Свидетель, не увидевший свет (сборник) - Макеев Алексей Викторович 12 стр.


До участкового пункта дошли в полном молчании. Чебриков отпер дверь, вошел первым и включил свет. Гуров подтолкнул Бочкина к высокой, до самого потолка, решетке в дальней части комнаты. Небольшая камера, размером примерно два на четыре метра, имела лежанку и вполне современные унитаз и раковину. Сняв наручники с Бочкина, Чебриков запер за ним дверь на навесной замок и вопросительно посмотрел на Гурова.

Сыщик подошел к решетке и, глядя на Павла, угрюмо улегшегося на лежанке и уставившегося отсутствующим взглядом в потолок, сказал:

– Посиди пока здесь, подумай. Учти, что я знаю больше, чем тебе кажется, и очень о многом догадываюсь. Отсюда тебе не выйти, если, конечно, не проявишь доброй воли. Будешь молчать, тогда тебе одна дорога отсюда – в район, когда появится возможность тебя туда транспортировать.

– Великое преступление, – усмехнулся Бочкин. – Дожили! Уже и по морде подонку съездить нельзя. – С этими словами он демонстративно отвернулся к стене и замолчал.

– Во-первых, не по морде, – поправил его Гуров. – Я бы так сказал, что это больше граничит не с пощечиной, которой награждают подлеца, а с попыткой проломить человеку голову. Это немножко разные вещи. Ты знаешь, что твою выходку можно расценить даже как покушение на убийство? Да-да! Этим дрыном, которым ты огрел Захарова, его вполне можно было убить. Это немножко разные статьи и разный уровень ответственности. Уже не административной, а уголовной. Учти это. Но ты напрасно делаешь вид, что ничего не понял, Павел. Мне хотелось бы поговорить с тобой о взрывчатке. Понимаешь?

– Какая еще взрывчатка? – проворчал Бочкин в стену. – Я тут не был несколько лет, что вы ко мне с ней пристаете?

– Ладно, не тороплю, – кивнул Гуров. – Полежи пока, подумай. Пошли, Чебриков.

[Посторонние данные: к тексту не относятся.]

Lemma T11E n : T11 n = K n.
Proof. by rewrite gauss_first_row // ser_mul1r. Qed.

Lemma T12E n : T12 n = ser_mul K E n.
Proof. exact: gauss_first_row. Qed.

Lemma T13E n : T13 n = ser_mul K G n.
Proof. exact: gauss_first_row. Qed.

Lemma K_coef0 : K 0%N = 1.
Proof. by case: HG => [-> //]. Qed.

Lemma E_coef0 : E 0%N = 0.
Proof. by case: HG => _ [-> //]. Qed.

Lemma E_coef1 : E 1%N = t (-1) 0 1%N.
Proof.
have := T12E 1; rewrite /tser /= => ->.
by rewrite /ser_mul big_ord_recr big_ord1 /= K_coef0 E_coef0 mul1r mulr0 addr0.
Qed.

Lemma shT11E n : sh T11 n = sh K n.
Proof. exact: ser_shift_ext T11E. Qed.

Lemma shT12E n : sh T12 n = ser_mul (sh K) (sh E) n.
Proof.
rewrite -ser_shiftM; last exact: central_half.
by apply: ser_shift_ext => m; rewrite T12E.
Qed.

Lemma shT13E n : sh T13 n = ser_mul (sh K) (sh G) n.
Proof.
rewrite -ser_shiftM; last exact: central_half.
by apply: ser_shift_ext => m; rewrite T13E.
Qed.

(* The coefficient of u^1 v^{-m} of the RTT relation gives the commutators
   of t^{(1)}_{-1,0} with the first row: [t^{(1)}_{-1,0}, t_{-1,-1}(v)] = - t_{-1,0}(v)
   and [t^{(1)}_{-1,0}, t_{-1,0}(v)] = t_{-1,1}(v). *)
Lemma commutator_t1_T11 m :
  t (-1) 0 1%N * T11 m - T11 m * t (-1) 0 1%N = - T12 m.
Proof.
have := @rtt_nat _ _ _ HR (-1) 0 (-1) (-1) erefl erefl erefl erefl 1 m.+2.
rewrite /nmul_umv_umvh /nmul_umvh /nmul_umv /mulmono /TT /PTT /QTT /TTr /TTP /TTQ.
rewrite /= ?subSS ?subn0 ?subnn /tser /=.
rewrite !(mul0r, mulr0, scaler0, subr0, sub0r, mulr1, addr0, oppr0) => ->.
by rewrite addrAC subrr add0r.
Qed.
Lemma UmF_not_mpow_inj_upto_2 (i : nat) :
  UmF (@Pmul H) Pone -> i <= 2 -> mpow x 3 = mpow x i -> ~ mpow_inj_upto x 2.
Proof.
  intros [_ equivalent] hi x3 inj.
  pose proof (mpow_inj_upto_neq inj) as ne.
  pose proof (mpow_inj_upto_neq_one inj) as ne1.
  assert (irr : forall k, 0 < k <= 2 -> irreducible (Ppair_pow k))
    by (intros k hk; apply irreducible_Ppair, ne1; lia).
  pose (X := word_prod (map Ppair_pow [1; 1])).
  assert (x_in_X : mpow x 1 ∈ X)
    by (apply in_word_prod_Ppair_pow; exists 1; simpl; tauto).
  assert (x2_in_X : mpow x 2 ∈ X)
    by (apply in_word_prod_Ppair_pow; exists 2; simpl; tauto).
  assert (X_pair : word_prod [Ppair_pow 1; Ppair_pow 2] = X).
  { apply (word_prod_Ppair_pow_eq [1; 2] [1; 1]); intros m hm; simpl in hm.
    - destruct (Nat.eq_dec m 3) as [-> | m3]; [exists i | exists m]; simpl; intuition lia.
    - exists m; simpl; tauto. }
  assert (min_repeat : minimal_factorization X (repeat (Ppair_pow 1) 2)).
  { apply minimal_factorization_repeat; [apply irr; lia|].
    intros m hm e; apply (mpow_notin_word_prod 2 (repeat 1 m)).
    + rewrite list_sum_repeat; intros j hj; apply ne; lia.
    + rewrite map_repeat; fold (Ppair_pow 1); rewrite e; exact x2_in_X. }
  assert (min_pair : minimal_factorization X [Ppair_pow 1; Ppair_pow 2]).
  { rewrite <- X_pair; apply minimal_factorization_pair; try (apply irr; lia);
      rewrite X_pair.
    - apply (Pfin1_neq x_in_X); exact (ne1 1 ltac:(lia)).
    - apply (Pfin1_neq x2_in_X), notin_Ppair_pow; [apply ne1 | apply ne]; lia.
    - apply (Pfin1_neq x_in_X), notin_Ppair_pow; [apply ne1 | apply ne]; lia. }
  destruct (equivalent X _ _ min_pair min_repeat) as [pair_le _].
  assert (same_letter : Ppair_pow 2 = Ppair_pow 1)
    by (destruct (word_le_incl pair_le (Ppair_pow 2)) as [<- | [<- | []]]; simpl; auto).
  apply (notin_Ppair_pow 1 2); [apply ne1 | apply ne | rewrite same_letter; simpl]; auto; lia.
Qed.

Lemma HmF_order_le_3 : HmF (@Pmul H) Pone -> order_le x 3.
Proof.
  intros hmf; apply NNPP; intros not_le.
  exact (HmF_not_mpow_inj_upto_3 hmf (mpow_inj_upto_of_not_order_le x _ not_le)).
Qed.

Lemma UmF_order_le_2 : UmF (@Pmul H) Pone -> order_le x 2.
Proof.
  intros umf; apply NNPP; intros not_le.
  pose proof (mpow_inj_upto_of_not_order_le x _ not_le) as inj.
  destruct (collision_of_order_le x 3 (HmF_order_le_3 (UmF_HmF umf))) as (i & j & [ij j3] & e).
  destruct (Nat.eq_dec j 3) as [-> | j3'].
  - refine (UmF_not_mpow_inj_upto_2 i umf _ (eq_sym e) inj); lia.
  - apply not_le, (order_le_of_collision x 2 i j); [lia | exact e].
Qed.

End Powers.

End Pfin1.

Theorem lemma3p4 (H : monoid) :
  (HmF (@Pmul H) Pone -> forall x : H, order_le x 3) /\
  (UmF (@Pmul H) Pone -> forall x : H, order_le x 2) /\
  (HmF (@Pmul H) Pone \/ UmF (@Pmul H) Pone -> periodic H /\ dedekind_finite H).
Proof.
  split; [|split].
  - intros hmf x; exact (HmF_order_le_3 H x hmf).
  - intros umf x; exact (UmF_order_le_2 H x umf).
  - intros hyp.
    assert (hmf : HmF (@Pmul H) Pone) by (destruct hyp; auto using UmF_HmF).
    assert (per : periodic H).
    { intros x; destruct (HmF_order_le_3 H x hmf) as (l & _ & hl); now exists l. }
    split; [exact per | exact (periodic_dedekind_finite per)].
Qed.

Оставив дежурное освещение в кабинете, Чебриков запер входную дверь и сунул ключ в карман. Гуров взял участкового за пуговицу и тихо заговорил:

– Ну, все, Володя, в инкогнито мы с тобой играть не будем, пора раскрывать карты. Серьезно допрашивать Бочкина придется чуть позже, потому что пока у тебя одно основание для его задержания – нанесение побоев Захарову. У нас с тобой все сходится на Бочкине, и это неприятно сознавать. У него наверняка есть здесь сообщник или сообщники. И где-то спрятана взрывчатка, и она кому-то зачем-то нужна. А это не детская игрушка, так что у нас времени на размышления не осталось. Придется действовать быстро, но обдуманно. Офис твой, я думаю, пока можно оставить без надзора, потому что никто еще не знает, что мы Павла заперли в камере. Но прежде чем его допрашивать, надо уточнить несколько вопросов. Как, зачем он приехал? Почему его потянуло сюда именно сейчас, если он столько лет тут не был? Тут ведь нет ничего, что его могло чисто теоретически привлечь. Я сейчас отправлюсь к его тетке, а потом к этому железнодорожнику, который их привез на дрезине.

– К Рыбникову?

– Да. Необходимо узнать подробно, как Бочкин оказался на дрезине, не происходило ли чего-то особенного или приметного во время поездки. Видишь ли, Александр Васильевич рассказал мне недавно, что кто-то подменил содержимое канистры. Они должны были заливать масло, а залили какую-то дрянь, отчего в двигателе полетела поршневая группа. Не думаю, что Леша Штыков мог это сделать. Тем более умышленно. А у нас совпадение. На дрезине в тот момент оказался Бочкин, которого мы с тобой и так подозреваем в связи с теми, кто похитил взрывчатку. А ты, как и положено участковому, сейчас отправляйся и получи хотя бы устные объяснения у Захарова и Полупановой по поводу недавнего происшествия с Бочкиным. Как получилось, что он напал, зачем, что говорил, какие предпосылки были раньше. Понял?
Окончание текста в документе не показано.